Applying Similarity Network Fusion to 92 circulating inflammatory proteins and 49 clinical variables in 698 HFpEF patients, researchers identified two prognostically distinct clusters within each sex. High-risk women faced a 2.45-fold greater risk of worsening heart failure (HR 2.45, 95% CI 1.32–4.54), while high-risk men showed even steeper separation (HR 2.77, 95% CI 1.27–6.04). Shared biomarkers across sexes included VEGF-A, TNFRSF9, and TGF-β, but women's high-risk profile was dominated by inflammatory and glycemic markers (CD40, HGF, TNF), while men's featured immune-regulatory and renal indicators (IL-10RB, PD-L1, eGFR). Findings were validated in an independent 342-patient cohort.

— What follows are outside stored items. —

(* For every formula $q\in F(V)$: $\vDash_{\mathbb{SQW^*}}q$ if and only if $\vdash_{\mathrm{sq}\L^*}q$.
   Context: Let $V$ be a set of propositional variables and $F(V)$ the set of formulas built from $V$ and the constant $1$ using $\to$ and $\neg$. Abbreviations: $p^+:=(p\to 1)\to 1$, $p^-:=(p\to\neg 1)\to\neg 1$ (binding more tightly than $\neg$), $p\vee q:=((p^+\to q^+)^+\to(\neg p)^-)\to((q^-\to p^-)^-\to p^-)$; an axiom ''$p\leftrightarrow q$'' stands for the two axioms $p\to q$ and $q\to p$. The logic $\mathrm{sq}\L^*$ has axiom schemas (for all $p,q,r\in F(V)$): (Q1) $(p\to q)\leftrightarrow(\neg q\to\neg p)$; (Q2) $1\leftrightarrow((1\to p)\to 1)$; (Q3) $p\leftrightarrow((q\to q)\to p)$; (Q4) $(p\to q)\leftrightarrow((q^+\to p^-)\to(p^+\to q^-))$; (Q5) $\neg(p\to q)\leftrightarrow(q\to p)$; (Q6) $(p\to(\neg p\to q))^+\leftrightarrow(p^+\to(\neg p^+\to q^+))$; (Q7) $(p\to(q\vee r))\leftrightarrow((p\to r)\vee(p\to q))$; (Q8) $(p\vee(q\vee r))\leftrightarrow((p\vee q)\vee r)$; (Q9) $((p\to 1)\to((q\to 1)\to r))\to((q\to 1)\to((p\to 1)\to r))$; (Q10) $p\to 1$; and rules: (qMP) from $(r\to r)\to p$ and $(r\to r)\to(p\to q)$ infer $(r\to r)\to q$; (Reg) from $p$ infer $(r\to r)\to p$; (AReg1) from $(r\to r)\to(p\to q)$ infer $p\to q$; (AReg2) from $(r\to r)\to\neg(p\to q)$ infer $\neg(p\to q)$; (AReg3) from $(r\to r)\to\neg 1$ infer $\neg 1$; (AReg4) from $(r\to r)\to 1$ infer $1$; (Inv1) from $p$ infer $\neg\neg p$; (Inv2) from $\neg\neg p$ infer $p$; (Flat) from $p$ and $\neg 1$ infer $\neg p$; (R2$'$) from $p\to q$ and $r\to t$ infer $(q\to r)\to(p\to t)$; (R3$'$) from $(r\to r)\to p$ infer $p^-$. $\vdash_{\mathrm{sq}\L^*}q$ means there is a finite sequence ending with $q$ whose members are axiom instances or follow from earlier members by rules. Semantics: a quasi-Wajsberg* algebra is an algebra $\langle W;\to,\neg,{}^+,{}^-,1\rangle$ of type $\langle 2,1,1,1,0\rangle$ such that for all $x,y,z$: $x\to y=\neg y\to\neg x$; $(x\to 1)\to((y\to 1)\to z)=(y\to 1)\to((x\to 1)\to z)$; $(1\to x)\to 1=1$; $(z\to z)\to(x\to y)=x\to y$; $(1\to 1)\to x^{+}=((1\to 1)\to x)^{+}=(x\to 1)\to 1$ and $(1\to 1)\to x^{-}=((1\to 1)\to x)^{-}=(x\to\neg 1)\to\neg 1$; $x\to y=(y^{+}\to x^{-})\to(x^{+}\to y^{-})$; $\neg(x\to y)=y\to x$; $\neg\neg x=x$; $(x\to(\neg x\to y))^{+}=x^{+}\to(\neg x^{+}\to y^{+})$; $x\vee y=y\vee x$; $x\vee(y\vee z)=(x\vee y)\vee z$; $x\to(y\vee z)=(x\to y)\vee(x\to z)$, with $x\vee y:=((x^{+}\to y^{+})^{+}\to(\neg x)^{-})\to((y^{-}\to x^{-})^{-}\to x^{-})$. A strong quasi-Wajsberg* algebra additionally satisfies $x^+=(1\to 1)\to x^+$ and $x^-=(1\to 1)\to x^-$; $\mathbb{SQW^*}$ is the class of these. An element $d$ of such an algebra $\mathbf{A}$ is designated if $d=(c\to 1)\to 1$ for some $c\in A$. $\vDash_{\mathbb{SQW^*}}q$ means: for every $\mathbf{A}\in\mathbb{SQW^*}$ and every assignment of the variables in $A$, the value of $q$ (computing $\to,\neg,1$ in $\mathbf{A}$) is designated. *)

Set Implicit Arguments.

Inductive form (V : Type) : Type :=
| Var : V -> form V
| One : form V
| Imp : form V -> form V -> form V
| Neg : form V -> form V.
Arguments One {V}.

Section Abbrev.
Variable V : Type.
Definition fplus (p : form V) : form V := Imp (Imp p One) One.
Definition fminus (p : form V) : form V := Imp (Imp p (Neg One)) (Neg One).
Definition fvee (p q : form V) : form V :=
  Imp (Imp (fplus (Imp (fplus p) (fplus q))) (fminus (Neg p)))
      (Imp (fminus (Imp (fminus q) (fminus p))) (fminus p)).
End Abbrev.

(** Pairs (lhs, rhs) of the biconditional axiom schemas (Q1)-(Q8);
    "p <-> q" stands for the two axioms p -> q and q -> p. *)
Inductive axiom_iff (V : Type) : form V -> form V -> Prop :=
| Q1 p q : axiom_iff (Imp p q) (Imp (Neg q) (Neg p))
| Q2 p : axiom_iff One (Imp (Imp One p) One)
| Q3 p q : axiom_iff p (Imp (Imp q q) p)
| Q4 p q : axiom_iff (Imp p q)
                     (Imp (Imp (fplus q) (fminus p)) (Imp (fplus p) (fminus q)))
| Q5 p q : axiom_iff (Neg (Imp p q)) (Imp q p)
| Q6 p q : axiom_iff (fplus (Imp p (Imp (Neg p) q)))
                     (Imp (fplus p) (Imp (Neg (fplus p)) (fplus q)))
| Q7 p q r : axiom_iff (Imp p (fvee q r)) (fvee (Imp p r) (Imp p q))
| Q8 p q r : axiom_iff (fvee p (fvee q r)) (fvee (fvee p q) r).

Inductive provable (V : Type) : form V -> Prop :=
| ax_iff_l p q : axiom_iff p q -> provable (Imp p q)
| ax_iff_r p q : axiom_iff p q -> provable (Imp q p)
| Q9 p q r : provable
    (Imp (Imp (Imp p One) (Imp (Imp q One) r))
         (Imp (Imp q One) (Imp (Imp p One) r)))
| Q10 p : provable (Imp p One)
| qMP r p q : provable (Imp (Imp r r) p) -> provable (Imp (Imp r r) (Imp p q)) ->
              provable (Imp (Imp r r) q)
| Reg r p : provable p -> provable (Imp (Imp r r) p)
| AReg1 r p q : provable (Imp (Imp r r) (Imp p q)) -> provable (Imp p q)
| AReg2 r p q : provable (Imp (Imp r r) (Neg (Imp p q))) -> provable (Neg (Imp p q))
| AReg3 r : provable (Imp (Imp r r) (Neg One)) -> provable (Neg One)
| AReg4 r : provable (Imp (Imp r r) One) -> provable One
| Inv1 p : provable p -> provable (Neg (Neg p))
| Inv2 p : provable (Neg (Neg p)) -> provable p
| Flat p : provable p -> provable (Neg One) -> provable (Neg p)
| R2' p q r t : provable (Imp p q) -> provable (Imp r t) ->
                provable (Imp (Imp q r) (Imp p t))
| R3' r p : provable (Imp (Imp r r) p) -> provable (fminus p).

Record SQWalg : Type := {
  carrier :> Type;
  aimp : carrier -> carrier -> carrier;
  aneg : carrier -> carrier;
  aplus : carrier -> carrier;
  aminus : carrier -> carrier;
  aone : carrier;
  avee : carrier -> carrier -> carrier :=
    fun x y => aimp (aimp (aplus (aimp (aplus x) (aplus y))) (aminus (aneg x)))
                    (aimp (aminus (aimp (aminus y) (aminus x))) (aminus x));
  ax1 : forall x y, aimp x y = aimp (aneg y) (aneg x);
  ax2 : forall x y z, aimp (aimp x aone) (aimp (aimp y aone) z)
                      = aimp (aimp y aone) (aimp (aimp x aone) z);
  ax3 : forall x, aimp (aimp aone x) aone = aone;
  ax4 : forall x y z, aimp (aimp z z) (aimp x y) = aimp x y;
  ax5a : forall x, aimp (aimp aone aone) (aplus x) = aplus (aimp (aimp aone aone) x);
  ax5b : forall x, aplus (aimp (aimp aone aone) x) = aimp (aimp x aone) aone;
  ax6a : forall x, aimp (aimp aone aone) (aminus x) = aminus (aimp (aimp aone aone) x);
  ax6b : forall x, aminus (aimp (aimp aone aone) x) = aimp (aimp x (aneg aone)) (aneg aone);
  ax7 : forall x y, aimp x y = aimp (aimp (aplus y) (aminus x)) (aimp (aplus x) (aminus y));
  ax8 : forall x y, aneg (aimp x y) = aimp y x;
  ax9 : forall x, aneg (aneg x) = x;
  ax10 : forall x y, aplus (aimp x (aimp (aneg x) y))
                     = aimp (aplus x) (aimp (aneg (aplus x)) (aplus y));
  ax11 : forall x y, avee x y = avee y x;
  ax12 : forall x y z, avee x (avee y z) = avee (avee x y) z;
  ax13 : forall x y z, aimp x (avee y z) = avee (aimp x y) (aimp x z);
  axS1 : forall x, aplus x = aimp (aimp aone aone) (aplus x);
  axS2 : forall x, aminus x = aimp (aimp aone aone) (aminus x)
}.

Definition designated (A : SQWalg) (d : A) : Prop :=
  exists c : A, d = aimp A (aimp A c (aone A)) (aone A).

Fixpoint eval (V : Type) (A : SQWalg) (v : V -> A) (q : form V) : A :=
  match q with
  | Var x => v x
  | One => aone A
  | Imp p r => aimp A (eval A v p) (eval A v r)
  | Neg p => aneg A (eval A v p)
  end.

HFpEF remains one of cardiology's most frustrating therapeutic frontiers — over a dozen large trials have failed to show mortality benefit — partly because the syndrome aggregates vastly different underlying pathobiologies. This work advances a precision medicine framework by demonstrating that sex is not merely a demographic variable but a fundamental axis of molecular heterogeneity. The inflammatory-glycemic signature in women aligns with prior observations linking adipose inflammation and insulin resistance to female HFpEF, while the renal-immune axis in men mirrors comorbidity patterns seen in hypertensive cardiomyopathy. The C-index of 0.62–0.63 is modest, suggesting these clusters capture real but limited prognostic signal. Crucially, this is a preprint posted on medRxiv and has not yet undergone peer review — biological interpretations and cluster stability should be treated as preliminary until independent scrutiny confirms them.